Agree best to do it before Christmas. It would otherwise be hanging over you.

ButchyRestingFace Mon 18-Dec-17 23:08:28

Meh, the frills of the message are overrated. Too blunt would be crossing the envelope and writing Deceased, return to sender.

LOL. Now why didn't I think of that?

gringringrin

1234hello Tue 19-Dec-17 09:50:32

I think what you’ve done is absolutely fine. Like I say, if they weren’t close enough to know she had died they don’t need to know the why and wherefores. Sorry again for your loss, but sense of humour helps, well done!
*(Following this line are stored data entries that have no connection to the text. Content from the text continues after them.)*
(* Let $R$ be a commutative ring with identity. The following are equivalent: (1) $R[X]_A$ is a residually principal ideal ring; (2) $R[X]_A$ is a residually valuation ring; (3) $R[X]_A$ is a residually Bézout ring; (4) $R[X]_A$ is a residually Prüfer ring; (5) $R$ is zero-dimensional (i.e., has Krull dimension $0$).
   Context: $X$ is an indeterminate over $R$, $A=\{f\in R[X]\mid f(0)=1\}$, and $R[X]_A$ is the localization of $R[X]$ at $A$. For a property (P) of integral domains, a ring $T$ is called residually (P) if $T/\mathfrak p$ has property (P) for every prime ideal $\mathfrak p$ of $T$. Thus ''residually principal ideal ring'' means $T/\mathfrak p$ is a principal ideal domain for all primes $\mathfrak p$, and similarly for valuation domains, Bézout domains (every finitely generated ideal principal) and Prüfer domains (every nonzero finitely generated ideal invertible). *)

From HB Require Import structures.
From mathcomp Require Import all_boot all_order all_algebra.
Set Implicit Arguments.
Unset Strict Implicit.
Unset Printing Implicit Defensive.
Import GRing.Theory.
Local Open Scope ring_scope.

Section Ideals.
Variable T : comNzRingType.

Definition is_ideal (I : T -> Prop) : Prop :=
  [/\ I 0, (forall x y, I x -> I y -> I (x + y)) & (forall a x, I x -> I (a * x))].

Definition prime_ideal (I : T -> Prop) : Prop :=
  [/\ is_ideal I, ~ I 1 & forall x y, I (x * y) -> I x \/ I y].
Jinglebells99 Tue 19-Dec-17 10:02:07

My mum loved sending and receiving cards at Christmas and receiving the round robin letters and actually I used to enjoy reading the round robins too. But my mum had only Christmas contact with these old friends for decades. They are all elderly friends now in varying states of ill health. My mum would wonder and worry about the friends she hadn't heard from.
I'm sorry to hear of your mother's sudden death. My mum had a massive stroke two years ago and has been severely disabled by it.

bigbluebus Tue 19-Dec-17 21:53:24

I had to send one of those types of letters too after my DM died. It was to a distant cousin of hers (I think) who actually lived abroad. I doubt my DM had seen her for at least 60 years so goodness knows why they bothered sending cards. I never got a reply and we have now sold the house I've no idea if the cards have stopped.